_EXERCISE INSTRUCTIONS_
When a line of the records contains "have", copy it.
· · ·
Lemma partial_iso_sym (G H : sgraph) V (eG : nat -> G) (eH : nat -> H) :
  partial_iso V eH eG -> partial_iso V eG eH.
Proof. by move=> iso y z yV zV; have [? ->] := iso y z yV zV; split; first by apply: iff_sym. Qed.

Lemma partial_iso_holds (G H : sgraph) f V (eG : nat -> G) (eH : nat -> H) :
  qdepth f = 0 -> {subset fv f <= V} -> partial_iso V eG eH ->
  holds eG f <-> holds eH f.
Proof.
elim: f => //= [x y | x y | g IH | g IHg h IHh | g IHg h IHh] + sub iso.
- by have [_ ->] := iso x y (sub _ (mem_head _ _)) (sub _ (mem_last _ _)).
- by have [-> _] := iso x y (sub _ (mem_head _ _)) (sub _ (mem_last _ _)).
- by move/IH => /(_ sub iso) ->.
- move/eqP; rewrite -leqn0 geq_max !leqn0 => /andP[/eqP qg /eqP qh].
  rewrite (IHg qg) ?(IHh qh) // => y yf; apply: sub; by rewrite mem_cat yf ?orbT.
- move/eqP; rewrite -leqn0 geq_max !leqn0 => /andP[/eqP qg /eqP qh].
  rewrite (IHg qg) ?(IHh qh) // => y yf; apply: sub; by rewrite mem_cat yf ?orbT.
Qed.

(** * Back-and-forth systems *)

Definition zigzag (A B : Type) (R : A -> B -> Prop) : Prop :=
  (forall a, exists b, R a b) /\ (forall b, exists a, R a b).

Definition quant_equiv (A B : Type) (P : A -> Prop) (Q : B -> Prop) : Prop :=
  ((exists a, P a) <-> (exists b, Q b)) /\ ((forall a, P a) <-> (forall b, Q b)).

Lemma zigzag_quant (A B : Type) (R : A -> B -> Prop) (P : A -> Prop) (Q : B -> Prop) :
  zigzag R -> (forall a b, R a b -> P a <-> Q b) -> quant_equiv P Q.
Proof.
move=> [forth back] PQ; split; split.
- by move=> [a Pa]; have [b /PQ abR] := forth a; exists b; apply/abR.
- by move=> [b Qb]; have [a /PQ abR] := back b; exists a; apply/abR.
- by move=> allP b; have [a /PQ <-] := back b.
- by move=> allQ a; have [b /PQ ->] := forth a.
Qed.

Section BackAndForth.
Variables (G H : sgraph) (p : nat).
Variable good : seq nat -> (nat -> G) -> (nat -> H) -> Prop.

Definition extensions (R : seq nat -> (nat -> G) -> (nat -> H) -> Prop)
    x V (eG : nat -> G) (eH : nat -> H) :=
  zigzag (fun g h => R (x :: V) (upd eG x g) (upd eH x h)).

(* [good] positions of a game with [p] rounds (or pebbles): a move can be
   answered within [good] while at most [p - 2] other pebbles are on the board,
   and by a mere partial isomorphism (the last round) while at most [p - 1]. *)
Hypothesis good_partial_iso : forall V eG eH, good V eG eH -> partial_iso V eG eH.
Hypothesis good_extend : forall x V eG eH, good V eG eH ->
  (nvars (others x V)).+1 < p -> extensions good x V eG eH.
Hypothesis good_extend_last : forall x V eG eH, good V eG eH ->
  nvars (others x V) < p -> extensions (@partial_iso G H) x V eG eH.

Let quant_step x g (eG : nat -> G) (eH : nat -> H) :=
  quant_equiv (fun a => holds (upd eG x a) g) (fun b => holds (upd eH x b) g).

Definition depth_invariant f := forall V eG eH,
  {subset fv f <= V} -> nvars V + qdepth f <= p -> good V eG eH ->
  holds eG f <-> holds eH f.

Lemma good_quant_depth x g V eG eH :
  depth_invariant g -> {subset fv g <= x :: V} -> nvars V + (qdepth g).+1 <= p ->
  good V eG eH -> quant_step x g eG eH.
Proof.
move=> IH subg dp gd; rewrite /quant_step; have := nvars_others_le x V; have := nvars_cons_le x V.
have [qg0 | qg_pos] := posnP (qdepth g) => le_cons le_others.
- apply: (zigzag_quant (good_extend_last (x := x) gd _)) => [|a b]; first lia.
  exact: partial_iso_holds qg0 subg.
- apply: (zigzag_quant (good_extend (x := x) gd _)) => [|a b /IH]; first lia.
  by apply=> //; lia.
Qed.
· · ·
_RESPONSE_
Proof. by move=> iso y z yV zV; have [? ->] := iso y z yV zV; split; first by apply: iff_sym. Qed.
- by have [_ ->] := iso x y (sub _ (mem_head _ _)) (sub _ (mem_last _ _)).
- by have [-> _] := iso x y (sub _ (mem_head _ _)) (sub _ (mem_last _ _)).
- by move=> [a Pa]; have [b /PQ abR] := forth a; exists b; apply/abR.
- by move=> [b Qb]; have [a /PQ abR] := back b; exists a; apply/abR.
- by move=> allP b; have [a /PQ <-] := back b.
- by move=> allQ a; have [b /PQ ->] := forth a.
move=> IH subg dp gd; rewrite /quant_step; have := nvars_others_le x V; have := nvars_cons_le x V.
have [qg0 | qg_pos] := posnP (qdepth g) => le_cons le_others.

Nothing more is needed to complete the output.